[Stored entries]
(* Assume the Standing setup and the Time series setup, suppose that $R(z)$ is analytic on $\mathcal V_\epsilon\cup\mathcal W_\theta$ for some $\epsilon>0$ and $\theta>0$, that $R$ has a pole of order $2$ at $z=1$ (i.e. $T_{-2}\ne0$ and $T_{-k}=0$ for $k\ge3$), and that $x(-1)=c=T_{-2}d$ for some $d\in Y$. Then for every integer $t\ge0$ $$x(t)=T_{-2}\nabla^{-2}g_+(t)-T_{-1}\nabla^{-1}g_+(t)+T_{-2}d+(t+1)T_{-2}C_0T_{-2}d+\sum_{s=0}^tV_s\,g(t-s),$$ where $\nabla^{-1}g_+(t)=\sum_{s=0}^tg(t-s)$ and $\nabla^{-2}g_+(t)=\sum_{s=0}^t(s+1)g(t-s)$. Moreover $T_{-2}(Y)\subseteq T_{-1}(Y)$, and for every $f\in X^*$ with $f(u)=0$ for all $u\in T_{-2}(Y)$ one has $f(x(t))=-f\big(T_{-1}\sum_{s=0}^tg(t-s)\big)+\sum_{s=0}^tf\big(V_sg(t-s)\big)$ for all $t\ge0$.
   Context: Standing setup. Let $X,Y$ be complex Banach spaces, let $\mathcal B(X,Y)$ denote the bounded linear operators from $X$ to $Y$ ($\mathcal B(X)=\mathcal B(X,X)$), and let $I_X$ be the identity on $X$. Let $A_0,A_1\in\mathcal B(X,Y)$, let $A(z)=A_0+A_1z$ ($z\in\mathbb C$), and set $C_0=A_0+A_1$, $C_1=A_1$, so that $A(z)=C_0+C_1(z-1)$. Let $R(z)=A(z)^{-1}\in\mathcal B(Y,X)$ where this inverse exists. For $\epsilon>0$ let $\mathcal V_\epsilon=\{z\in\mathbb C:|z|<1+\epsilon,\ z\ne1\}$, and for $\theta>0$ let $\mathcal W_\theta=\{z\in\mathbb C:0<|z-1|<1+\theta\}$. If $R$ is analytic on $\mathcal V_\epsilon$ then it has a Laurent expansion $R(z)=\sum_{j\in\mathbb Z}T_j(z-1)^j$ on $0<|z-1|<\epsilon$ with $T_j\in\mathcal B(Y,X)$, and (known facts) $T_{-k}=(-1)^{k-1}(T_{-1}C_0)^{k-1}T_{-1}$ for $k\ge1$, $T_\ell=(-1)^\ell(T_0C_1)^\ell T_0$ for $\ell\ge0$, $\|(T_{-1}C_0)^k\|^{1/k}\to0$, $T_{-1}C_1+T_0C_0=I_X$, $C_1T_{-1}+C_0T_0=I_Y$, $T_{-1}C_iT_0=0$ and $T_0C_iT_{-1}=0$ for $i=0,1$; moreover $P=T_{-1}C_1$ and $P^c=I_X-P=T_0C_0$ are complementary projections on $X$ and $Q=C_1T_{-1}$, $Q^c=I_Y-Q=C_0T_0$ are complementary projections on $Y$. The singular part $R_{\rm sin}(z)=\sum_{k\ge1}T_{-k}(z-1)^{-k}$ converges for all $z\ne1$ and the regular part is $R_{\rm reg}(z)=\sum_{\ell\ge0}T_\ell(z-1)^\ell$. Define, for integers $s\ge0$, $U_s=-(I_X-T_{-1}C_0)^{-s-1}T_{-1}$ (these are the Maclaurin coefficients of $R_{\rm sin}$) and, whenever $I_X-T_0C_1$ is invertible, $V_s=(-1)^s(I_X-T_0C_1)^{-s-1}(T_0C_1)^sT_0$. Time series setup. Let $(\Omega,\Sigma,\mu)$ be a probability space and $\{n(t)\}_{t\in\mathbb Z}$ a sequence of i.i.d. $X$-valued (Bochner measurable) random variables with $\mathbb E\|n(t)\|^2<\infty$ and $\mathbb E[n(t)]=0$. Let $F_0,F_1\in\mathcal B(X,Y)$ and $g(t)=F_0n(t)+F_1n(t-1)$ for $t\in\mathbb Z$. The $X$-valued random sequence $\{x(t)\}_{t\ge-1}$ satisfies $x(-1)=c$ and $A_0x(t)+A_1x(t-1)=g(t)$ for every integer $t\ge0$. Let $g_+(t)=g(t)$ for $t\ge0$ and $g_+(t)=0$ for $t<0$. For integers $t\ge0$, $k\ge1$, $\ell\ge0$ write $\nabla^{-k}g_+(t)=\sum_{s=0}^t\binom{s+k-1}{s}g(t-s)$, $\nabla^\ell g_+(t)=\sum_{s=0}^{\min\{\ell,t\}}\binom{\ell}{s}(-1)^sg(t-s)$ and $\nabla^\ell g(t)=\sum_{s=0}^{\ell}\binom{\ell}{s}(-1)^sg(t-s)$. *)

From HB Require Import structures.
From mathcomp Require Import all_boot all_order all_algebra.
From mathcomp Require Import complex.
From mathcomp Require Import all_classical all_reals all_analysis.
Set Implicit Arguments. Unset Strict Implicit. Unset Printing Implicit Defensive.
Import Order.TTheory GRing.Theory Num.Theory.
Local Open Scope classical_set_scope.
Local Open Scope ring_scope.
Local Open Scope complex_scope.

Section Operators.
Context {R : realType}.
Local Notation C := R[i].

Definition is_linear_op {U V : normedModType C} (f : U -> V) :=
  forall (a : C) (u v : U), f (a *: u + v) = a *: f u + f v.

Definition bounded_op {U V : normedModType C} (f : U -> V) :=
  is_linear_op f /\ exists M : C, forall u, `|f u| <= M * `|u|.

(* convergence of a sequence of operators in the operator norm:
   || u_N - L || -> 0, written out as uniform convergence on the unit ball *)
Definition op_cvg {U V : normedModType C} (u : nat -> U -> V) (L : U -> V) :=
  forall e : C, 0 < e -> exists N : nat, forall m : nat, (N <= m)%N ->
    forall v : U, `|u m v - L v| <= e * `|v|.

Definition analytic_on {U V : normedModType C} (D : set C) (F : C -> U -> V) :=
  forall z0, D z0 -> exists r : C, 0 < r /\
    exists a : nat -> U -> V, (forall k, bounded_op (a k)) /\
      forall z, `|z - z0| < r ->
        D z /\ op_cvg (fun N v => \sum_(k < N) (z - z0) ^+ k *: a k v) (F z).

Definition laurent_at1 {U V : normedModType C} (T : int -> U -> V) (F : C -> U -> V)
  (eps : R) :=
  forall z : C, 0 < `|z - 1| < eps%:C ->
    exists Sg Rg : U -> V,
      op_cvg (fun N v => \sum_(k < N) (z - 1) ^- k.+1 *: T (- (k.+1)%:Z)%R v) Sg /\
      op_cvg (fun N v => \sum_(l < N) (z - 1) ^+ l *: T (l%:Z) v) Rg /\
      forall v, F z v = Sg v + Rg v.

▶ **INSTRUCTIONS TO FOLLOW**
Reply with the complete data above, every character as it stands.

▶ **OUTPUT FOR THIS EXERCISE**
(* Assume the Standing setup and the Time series setup, suppose that $R(z)$ is analytic on $\mathcal V_\epsilon\cup\mathcal W_\theta$ for some $\epsilon>0$ and $\theta>0$, that $R$ has a pole of order $2$ at $z=1$ (i.e. $T_{-2}\ne0$ and $T_{-k}=0$ for $k\ge3$), and that $x(-1)=c=T_{-2}d$ for some $d\in Y$. Then for every integer $t\ge0$ $$x(t)=T_{-2}\nabla^{-2}g_+(t)-T_{-1}\nabla^{-1}g_+(t)+T_{-2}d+(t+1)T_{-2}C_0T_{-2}d+\sum_{s=0}^tV_s\,g(t-s),$$ where $\nabla^{-1}g_+(t)=\sum_{s=0}^tg(t-s)$ and $\nabla^{-2}g_+(t)=\sum_{s=0}^t(s+1)g(t-s)$. Moreover $T_{-2}(Y)\subseteq T_{-1}(Y)$, and for every $f\in X^*$ with $f(u)=0$ for all $u\in T_{-2}(Y)$ one has $f(x(t))=-f\big(T_{-1}\sum_{s=0}^tg(t-s)\big)+\sum_{s=0}^tf\big(V_sg(t-s)\big)$ for all $t\ge0$.
   Context: Standing setup. Let $X,Y$ be complex Banach spaces, let $\mathcal B(X,Y)$ denote the bounded linear operators from $X$ to $Y$ ($\mathcal B(X)=\mathcal B(X,X)$), and let $I_X$ be the identity on $X$. Let $A_0,A_1\in\mathcal B(X,Y)$, let $A(z)=A_0+A_1z$ ($z\in\mathbb C$), and set $C_0=A_0+A_1$, $C_1=A_1$, so that $A(z)=C_0+C_1(z-1)$. Let $R(z)=A(z)^{-1}\in\mathcal B(Y,X)$ where this inverse exists. For $\epsilon>0$ let $\mathcal V_\epsilon=\{z\in\mathbb C:|z|<1+\epsilon,\ z\ne1\}$, and for $\theta>0$ let $\mathcal W_\theta=\{z\in\mathbb C:0<|z-1|<1+\theta\}$. If $R$ is analytic on $\mathcal V_\epsilon$ then it has a Laurent expansion $R(z)=\sum_{j\in\mathbb Z}T_j(z-1)^j$ on $0<|z-1|<\epsilon$ with $T_j\in\mathcal B(Y,X)$, and (known facts) $T_{-k}=(-1)^{k-1}(T_{-1}C_0)^{k-1}T_{-1}$ for $k\ge1$, $T_\ell=(-1)^\ell(T_0C_1)^\ell T_0$ for $\ell\ge0$, $\|(T_{-1}C_0)^k\|^{1/k}\to0$, $T_{-1}C_1+T_0C_0=I_X$, $C_1T_{-1}+C_0T_0=I_Y$, $T_{-1}C_iT_0=0$ and $T_0C_iT_{-1}=0$ for $i=0,1$; moreover $P=T_{-1}C_1$ and $P^c=I_X-P=T_0C_0$ are complementary projections on $X$ and $Q=C_1T_{-1}$, $Q^c=I_Y-Q=C_0T_0$ are complementary projections on $Y$. The singular part $R_{\rm sin}(z)=\sum_{k\ge1}T_{-k}(z-1)^{-k}$ converges for all $z\ne1$ and the regular part is $R_{\rm reg}(z)=\sum_{\ell\ge0}T_\ell(z-1)^\ell$. Define, for integers $s\ge0$, $U_s=-(I_X-T_{-1}C_0)^{-s-1}T_{-1}$ (these are the Maclaurin coefficients of $R_{\rm sin}$) and, whenever $I_X-T_0C_1$ is invertible, $V_s=(-1)^s(I_X-T_0C_1)^{-s-1}(T_0C_1)^sT_0$. Time series setup. Let $(\Omega,\Sigma,\mu)$ be a probability space and $\{n(t)\}_{t\in\mathbb Z}$ a sequence of i.i.d. $X$-valued (Bochner measurable) random variables with $\mathbb E\|n(t)\|^2<\infty$ and $\mathbb E[n(t)]=0$. Let $F_0,F_1\in\mathcal B(X,Y)$ and $g(t)=F_0n(t)+F_1n(t-1)$ for $t\in\mathbb Z$. The $X$-valued random sequence $\{x(t)\}_{t\ge-1}$ satisfies $x(-1)=c$ and $A_0x(t)+A_1x(t-1)=g(t)$ for every integer $t\ge0$. Let $g_+(t)=g(t)$ for $t\ge0$ and $g_+(t)=0$ for $t<0$. For integers $t\ge0$, $k\ge1$, $\ell\ge0$ write $\nabla^{-k}g_+(t)=\sum_{s=0}^t\binom{s+k-1}{s}g(t-s)$, $\nabla^\ell g_+(t)=\sum_{s=0}^{\min\{\ell,t\}}\binom{\ell}{s}(-1)^sg(t-s)$ and $\nabla^\ell g(t)=\sum_{s=0}^{\ell}\binom{\ell}{s}(-1)^sg(t-s)$. *)

From HB Require Import structures.
From mathcomp Require Import all_boot all_order all_algebra.
From mathcomp Require Import complex.
From mathcomp Require Import all_classical all_reals all_analysis.
Set Implicit Arguments. Unset Strict Implicit. Unset Printing Implicit Defensive.
Import Order.TTheory GRing.Theory Num.Theory.
Local Open Scope classical_set_scope.
Local Open Scope ring_scope.
Local Open Scope complex_scope.

Section Operators.
Context {R : realType}.
Local Notation C := R[i].

Definition is_linear_op {U V : normedModType C} (f : U -> V) :=
  forall (a : C) (u v : U), f (a *: u + v) = a *: f u + f v.

Definition bounded_op {U V : normedModType C} (f : U -> V) :=
  is_linear_op f /\ exists M : C, forall u, `|f u| <= M * `|u|.

(* convergence of a sequence of operators in the operator norm:
   || u_N - L || -> 0, written out as uniform convergence on the unit ball *)
Definition op_cvg {U V : normedModType C} (u : nat -> U -> V) (L : U -> V) :=
  forall e : C, 0 < e -> exists N : nat, forall m : nat, (N <= m)%N ->
    forall v : U, `|u m v - L v| <= e * `|v|.

Definition analytic_on {U V : normedModType C} (D : set C) (F : C -> U -> V) :=
  forall z0, D z0 -> exists r : C, 0 < r /\
    exists a : nat -> U -> V, (forall k, bounded_op (a k)) /\
      forall z, `|z - z0| < r ->
        D z /\ op_cvg (fun N v => \sum_(k < N) (z - z0) ^+ k *: a k v) (F z).

Definition laurent_at1 {U V : normedModType C} (T : int -> U -> V) (F : C -> U -> V)
  (eps : R) :=
  forall z : C, 0 < `|z - 1| < eps%:C ->
    exists Sg Rg : U -> V,
      op_cvg (fun N v => \sum_(k < N) (z - 1) ^- k.+1 *: T (- (k.+1)%:Z)%R v) Sg /\
      op_cvg (fun N v => \sum_(l < N) (z - 1) ^+ l *: T (l%:Z) v) Rg /\
      forall v, F z v = Sg v + Rg v.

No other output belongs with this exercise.